-- Data records follows --
(* For every formula $\varphi$ containing no occurrence of $\mathbf{GF}$ or $\mathbf{FG}$, each of $\mathbf{GF}\varphi$ and $\mathbf{FG}\varphi$ is equivalent to a formula in normal form with at most $3^{|\varphi|}\cdot|\varphi|$ nodes.
   Context: Fix a finite set $Ap$ of atomic propositions. A word is an infinite sequence $w = w[0]w[1]\dots$ of letters of $2^{Ap}$, and $w_i$ denotes the suffix $w[i]w[i+1]\dots$. Formulas are generated by $\varphi ::= \mathbf{true} \mid \mathbf{false} \mid a \mid \neg a \mid \varphi\wedge\varphi \mid \varphi\vee\varphi \mid \mathbf{X}\varphi \mid \varphi\,\mathbf{U}\,\varphi \mid \varphi\,\mathbf{W}\,\varphi \mid \mathbf{GF}\varphi \mid \mathbf{FG}\varphi$ ($a\in Ap$), where $\mathbf{GF}$, $\mathbf{FG}$ are single unary operators (limit operators). Semantics: $w\models a$ iff $a\in w[0]$, $w\models\neg a$ iff $a\notin w[0]$, Boolean constants and connectives as usual; $w\models\mathbf{X}\varphi$ iff $w_1\models\varphi$; $w\models\varphi\mathbf{U}\psi$ iff $\exists k$: $w_k\models\psi$ and $\forall j<k$: $w_j\models\varphi$; $w\models\varphi\mathbf{W}\psi$ iff ($\forall k$: $w_k\models\varphi$) or $w\models\varphi\mathbf{U}\psi$; $w\models\mathbf{GF}\varphi$ iff $w_k\models\varphi$ for infinitely many $k$; $w\models\mathbf{FG}\varphi$ iff $\exists n\,\forall k\geq n$: $w_k\models\varphi$. Two formulas are equivalent if satisfied by the same words. The syntax tree $T_\varphi$ has leaves $\mathbf{true},\mathbf{false},a,\neg a$ and one internal node per operator occurrence; $|\varphi|$ is its number of nodes. $\mathbf{U}$-, $\mathbf{W}$-, $\mathbf{X}$-, $\mathbf{GF}$-, $\mathbf{FG}$-nodes are nodes whose subformula has that top operator; $\mathbf{GF}$- and $\mathbf{FG}$-nodes are limit nodes; all five kinds are temporal nodes. A node is under another if it is a proper descendant of it. A formula is in normal form if (1) no $\mathbf{U}$-node is under a $\mathbf{W}$-node; (2) no limit node is under another temporal node; (3) no $\mathbf{W}$-node is under a $\mathbf{GF}$-node and no $\mathbf{U}$-node is under an $\mathbf{FG}$-node. *)

From mathcomp Require Import all_boot.
Set Implicit Arguments. Unset Strict Implicit. Unset Printing Implicit Defensive.

Inductive form (Ap : Type) : Type :=
| FTrue | FFalse
| FAtom of Ap | FNAtom of Ap
| FAnd of form Ap & form Ap
| FOr  of form Ap & form Ap
| FX   of form Ap
| FU   of form Ap & form Ap
| FW   of form Ap & form Ap
| FGF  of form Ap
| FFG  of form Ap.

Arguments FTrue {Ap}. Arguments FFalse {Ap}.

Definition word (Ap : finType) := nat -> {set Ap}.

(* sat w i phi  <->  w_i |= phi  (w_i is the suffix starting at position i) *)
Fixpoint sat (Ap : finType) (w : word Ap) (i : nat) (phi : form Ap) : Prop :=
  match phi with
  | FTrue => True
  | FFalse => False
  | FAtom a => a \in w i
  | FNAtom a => a \notin w i
  | FAnd p q => sat w i p /\ sat w i q
  | FOr p q => sat w i p \/ sat w i q
  | FX p => sat w (i.+1) p
  | FU p q => exists k, sat w (i + k) q /\ forall j, j < k -> sat w (i + j) p
  | FW p q => (forall k, sat w (i + k) p) \/
              (exists k, sat w (i + k) q /\ forall j, j < k -> sat w (i + j) p)
  | FGF p => forall n, exists k, n <= k /\ sat w (i + k) p
  | FFG p => exists n, forall k, n <= k -> sat w (i + k) p
  end.

Definition ltl_equiv (Ap : finType) (phi psi : form Ap) : Prop :=
  forall w : word Ap, sat w 0 phi <-> sat w 0 psi.

Fixpoint fsize (Ap : Type) (phi : form Ap) : nat :=
  match phi with
  | FTrue | FFalse | FAtom _ | FNAtom _ => 1
  | FAnd p q | FOr p q | FU p q | FW p q => (fsize p + fsize q).+1
  | FX p | FGF p | FFG p => (fsize p).+1
  end.

Fixpoint has_U (Ap : Type) (phi : form Ap) : bool :=
  match phi with
  | FTrue | FFalse | FAtom _ | FNAtom _ => false
  | FU _ _ => true
  | FAnd p q | FOr p q | FW p q => has_U p || has_U q
  | FX p | FGF p | FFG p => has_U p
  end.

Fixpoint has_W (Ap : Type) (phi : form Ap) : bool :=
  match phi with
  | FTrue | FFalse | FAtom _ | FNAtom _ => false
  | FW _ _ => true
  | FAnd p q | FOr p q | FU p q => has_W p || has_W q
  | FX p | FGF p | FFG p => has_W p
  end.

Fixpoint has_lim (Ap : Type) (phi : form Ap) : bool :=
  match phi with
  | FTrue | FFalse | FAtom _ | FNAtom _ => false
  | FGF _ | FFG _ => true
  | FAnd p q | FOr p q | FU p q | FW p q => has_lim p || has_lim q
  | FX p => has_lim p
  end.

(* Normal form: for every node, the constraints on the nodes strictly below it:
   (1) no U-node under a W-node;
   (2) no limit node under a temporal (X,U,W,GF,FG) node;
   (3) no W-node under a GF-node, no U-node under an FG-node. *)
Fixpoint normal_form (Ap : Type) (phi : form Ap) : bool :=
  match phi with
  | FTrue | FFalse | FAtom _ | FNAtom _ => true
  | FAnd p q | FOr p q => normal_form p && normal_form q
  | FX p => ~~ has_lim p && normal_form p
  | FU p q => [&& ~~ has_lim p, ~~ has_lim q, normal_form p & normal_form q]
  | FW p q => [&& ~~ has_U p, ~~ has_U q, ~~ has_lim p, ~~ has_lim q,
                  normal_form p & normal_form q]
  | FGF p => [&& ~~ has_lim p, ~~ has_W p & normal_form p]
  | FFG p => [&& ~~ has_lim p, ~~ has_U p & normal_form p]
  end.

From mathcomp Require Import all_boot zify.
From Stdlib Require Import Classical.
Set Implicit Arguments. Unset Strict Implicit.
Set Bullet Behavior "Strict Subproofs".

(* Guess, for every U-node x U y of phi, whether GF (x U y) holds and, for every
   W-node x W y, whether FG (x W y) holds.  Under correct guesses, replacing each
   W-node by true or by U (according to its guess) yields a W-free formula that
   agrees with phi from some position on, and replacing each U-node by W or by
   false yields such a U-free formula; so GF phi and FG phi become GF of a W-free
   and FG of a U-free formula.  The guesses themselves can be stated as GF/FG of
   the rewritten subformulas, and checked by induction on phi.  Hence GF phi is
   equivalent to the disjunction, over all 2^k markings (k the number of U- and
   W-nodes), of "the guesses hold and GF of the rewritten phi", which is in normal
   form and has fewer than 2^k (k+1) (|phi|+2) <= 3^|phi| |phi| nodes. *)

Section LimitSemantics.
Variables (Ap : finType) (w : word Ap).

Definition inf_often (f : form Ap) := forall n, exists k, n <= k /\ sat w k f.
Definition ev_always (f : form Ap) := exists n, forall k, n <= k -> sat w k f.

Definition entails_from N (f g : form Ap) := forall i, N <= i -> sat w i f -> sat w i g.

Definition ev_entails f g := exists N, entails_from N f g.

Lemma entails_from_le M N f g : M <= N -> entails_from M f g -> entails_from N f g.
Proof. by move=> MN H i Ni; apply: H; apply: leq_trans Ni. Qed.

Lemma entails_from_And N x x' y y' :
  entails_from N x x' -> entails_from N y y' -> entails_from N (FAnd x y) (FAnd x' y').
Proof. by move=> Hx Hy i Ni [hx hy]; split; [apply: Hx | apply: Hy]. Qed.

Lemma entails_from_Or N x x' y y' :
  entails_from N x x' -> entails_from N y y' -> entails_from N (FOr x y) (FOr x' y').
Proof. by move=> Hx Hy i Ni [hx | hy]; [left; apply: Hx | right; apply: Hy]. Qed.

Lemma entails_from_X N x x' : entails_from N x x' -> entails_from N (FX x) (FX x').
Proof. by move=> Hx i Ni; apply: Hx; apply: leqW. Qed.

Lemma entails_from_U N x x' y y' :
  entails_from N x x' -> entails_from N y y' -> entails_from N (FU x y) (FU x' y').
Proof.
move=> Hx Hy i Ni [k [hy hx]]; exists k; split=> [|j jk].
- by apply: Hy hy; apply: leq_trans (leq_addr k i).
- by apply: Hx (hx j jk); apply: leq_trans (leq_addr j i).
Qed.

Lemma entails_from_W N x x' y y' :
  entails_from N x x' -> entails_from N y y' -> entails_from N (FW x y) (FW x' y').
Proof.
move=> Hx Hy i Ni [hx | hu]; last by right; apply: entails_from_U Hx Hy i Ni hu.
by left=> k; apply: Hx (hx k); apply: leq_trans (leq_addr k i).
Qed.

Lemma entails_from_UW N x x' y y' :
  entails_from N x x' -> entails_from N y y' -> entails_from N (FU x y) (FW x' y').
Proof. by move=> Hx Hy i Ni hu; right; apply: entails_from_U Hx Hy i Ni hu. Qed.

Lemma ev_entails_mono2 (C C' : form Ap -> form Ap -> form Ap) :
    (forall N x x' y y', entails_from N x x' -> entails_from N y y' ->
       entails_from N (C x y) (C' x' y')) ->
  forall x x' y y', ev_entails x x' -> ev_entails y y' -> ev_entails (C x y) (C' x' y').
Proof.
move=> HC x x' y y' [M Hx] [N Hy]; exists (maxn M N).
by apply: HC; [apply: entails_from_le Hx | apply: entails_from_le Hy];
  rewrite ?leq_maxl ?leq_maxr.
Qed.

Lemma inf_often_ev_entails f g : inf_often f -> ev_entails f g -> inf_often g.
Proof.
move=> Hf [N H] n; have [k [nk hk]] := Hf (n + N).
by exists k; split; [lia | apply: H hk; lia].
Qed.

Lemma ev_always_ev_entails f g : ev_always f -> ev_entails f g -> ev_always g.
Proof. by move=> [n Hf] [N H]; exists (n + N) => k nk; apply: H (Hf k _); lia. Qed.

Lemma ev_entails_False f : ~ inf_often f -> ev_entails f FFalse.
Proof.
move=> Hf; apply: NNPP => H; apply: Hf => n; apply: NNPP => Hn; apply: H.
by exists n => k nk hk; apply: Hn; exists k.
Qed.

Lemma ev_entails_True f : ev_always f -> ev_entails FTrue f.
Proof. by move=> [n H]; exists n => k nk _; apply: H. Qed.

Lemma sat_U_of_W_inf_often i x y :
  sat w i (FW x y) -> inf_often (FU x y) -> sat w i (FU x y).
Proof.
move=> [hx | //] /(_ i) [k [ik [k' [hy _]]]].
exists (k - i + k'); split=> [|j _]; last exact: hx.
by have -> : i + (k - i + k') = k + k' by lia.
Qed.

Lemma sat_U_of_W_not_ev_always i x y :
  sat w i (FW x y) -> ~ ev_always (FW x y) -> sat w i (FU x y).
Proof.
move=> [hx | //] Hn; exfalso; apply: Hn; exists i => k ik; left => j.
by have := hx (k - i + j); have -> : i + (k - i + j) = k + j by lia.
Qed.

End LimitSemantics.

(* The flag of an [MU] node is the guess "GF (x U y)", that of an [MW] node the
   guess "FG (x W y)". *)
Inductive mform (Ap : Type) : Type :=
| MTrue | MFalse | MAtom of Ap | MNAtom of Ap
| MAnd of mform Ap & mform Ap | MOr of mform Ap & mform Ap
| MX of mform Ap
| MU of bool & mform Ap & mform Ap
| MW of bool & mform Ap & mform Ap.
Arguments MTrue {Ap}. Arguments MFalse {Ap}.

Fixpoint unmark Ap (t : mform Ap) : form Ap :=
  match t with
  | MTrue => FTrue | MFalse => FFalse | MAtom a => FAtom a | MNAtom a => FNAtom a
  | MAnd x y => FAnd (unmark x) (unmark y) | MOr x y => FOr (unmark x) (unmark y)
  | MX x => FX (unmark x)
  | MU _ x y => FU (unmark x) (unmark y)
  | MW _ x y => FW (unmark x) (unmark y)
  end.

Fixpoint mu Ap (t : mform Ap) : form Ap :=
  match t with
  | MTrue => FTrue | MFalse => FFalse | MAtom a => FAtom a | MNAtom a => FNAtom a
  | MAnd x y => FAnd (mu x) (mu y) | MOr x y => FOr (mu x) (mu y)
  | MX x => FX (mu x)
  | MU _ x y => FU (mu x) (mu y)
  | MW m x y => if m then FTrue else FU (mu x) (mu y)
  end.

Fixpoint nu Ap (t : mform Ap) : form Ap :=
  match t with
  | MTrue => FTrue | MFalse => FFalse | MAtom a => FAtom a | MNAtom a => FNAtom a
  | MAnd x y => FAnd (nu x) (nu y) | MOr x y => FOr (nu x) (nu y)
  | MX x => FX (nu x)
  | MU m x y => if m then FW (nu x) (nu y) else FFalse
  | MW _ x y => FW (nu x) (nu y)
  end.

Fixpoint all_marks Ap (PU PW : bool -> mform Ap -> mform Ap -> Prop) (t : mform Ap) : Prop :=
  match t with
  | MAnd x y | MOr x y => all_marks PU PW x /\ all_marks PU PW y
  | MX x => all_marks PU PW x
  | MU m x y => [/\ PU m x y, all_marks PU PW x & all_marks PU PW y]
  | MW m x y => [/\ PW m x y, all_marks PU PW x & all_marks PU PW y]
  | _ => True
  end.

Section Markings.
Variables (Ap : finType) (w : word Ap).

Definition marking_sound : mform Ap -> Prop :=
  all_marks (fun m x y => m -> inf_often w (FU (unmark x) (unmark y)))
            (fun m x y => m -> ev_always w (FW (unmark x) (unmark y))).

Definition marking_complete : mform Ap -> Prop :=
  all_marks (fun m x y => ~~ m -> ~ inf_often w (FU (unmark x) (unmark y)))
            (fun m x y => ~~ m -> ~ ev_always w (FW (unmark x) (unmark y))).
-- Data records concluded --
**Task:** Output each line of the records above exactly, beginning at the first, and stop once the line containing "FAnd of form Ap & form Ap" has been output.

**Answer:**
(* For every formula $\varphi$ containing no occurrence of $\mathbf{GF}$ or $\mathbf{FG}$, each of $\mathbf{GF}\varphi$ and $\mathbf{FG}\varphi$ is equivalent to a formula in normal form with at most $3^{|\varphi|}\cdot|\varphi|$ nodes.
   Context: Fix a finite set $Ap$ of atomic propositions. A word is an infinite sequence $w = w[0]w[1]\dots$ of letters of $2^{Ap}$, and $w_i$ denotes the suffix $w[i]w[i+1]\dots$. Formulas are generated by $\varphi ::= \mathbf{true} \mid \mathbf{false} \mid a \mid \neg a \mid \varphi\wedge\varphi \mid \varphi\vee\varphi \mid \mathbf{X}\varphi \mid \varphi\,\mathbf{U}\,\varphi \mid \varphi\,\mathbf{W}\,\varphi \mid \mathbf{GF}\varphi \mid \mathbf{FG}\varphi$ ($a\in Ap$), where $\mathbf{GF}$, $\mathbf{FG}$ are single unary operators (limit operators). Semantics: $w\models a$ iff $a\in w[0]$, $w\models\neg a$ iff $a\notin w[0]$, Boolean constants and connectives as usual; $w\models\mathbf{X}\varphi$ iff $w_1\models\varphi$; $w\models\varphi\mathbf{U}\psi$ iff $\exists k$: $w_k\models\psi$ and $\forall j<k$: $w_j\models\varphi$; $w\models\varphi\mathbf{W}\psi$ iff ($\forall k$: $w_k\models\varphi$) or $w\models\varphi\mathbf{U}\psi$; $w\models\mathbf{GF}\varphi$ iff $w_k\models\varphi$ for infinitely many $k$; $w\models\mathbf{FG}\varphi$ iff $\exists n\,\forall k\geq n$: $w_k\models\varphi$. Two formulas are equivalent if satisfied by the same words. The syntax tree $T_\varphi$ has leaves $\mathbf{true},\mathbf{false},a,\neg a$ and one internal node per operator occurrence; $|\varphi|$ is its number of nodes. $\mathbf{U}$-, $\mathbf{W}$-, $\mathbf{X}$-, $\mathbf{GF}$-, $\mathbf{FG}$-nodes are nodes whose subformula has that top operator; $\mathbf{GF}$- and $\mathbf{FG}$-nodes are limit nodes; all five kinds are temporal nodes. A node is under another if it is a proper descendant of it. A formula is in normal form if (1) no $\mathbf{U}$-node is under a $\mathbf{W}$-node; (2) no limit node is under another temporal node; (3) no $\mathbf{W}$-node is under a $\mathbf{GF}$-node and no $\mathbf{U}$-node is under an $\mathbf{FG}$-node. *)

From mathcomp Require Import all_boot.
Set Implicit Arguments. Unset Strict Implicit. Unset Printing Implicit Defensive.

Inductive form (Ap : Type) : Type :=
| FTrue | FFalse
| FAtom of Ap | FNAtom of Ap
| FAnd of form Ap & form Ap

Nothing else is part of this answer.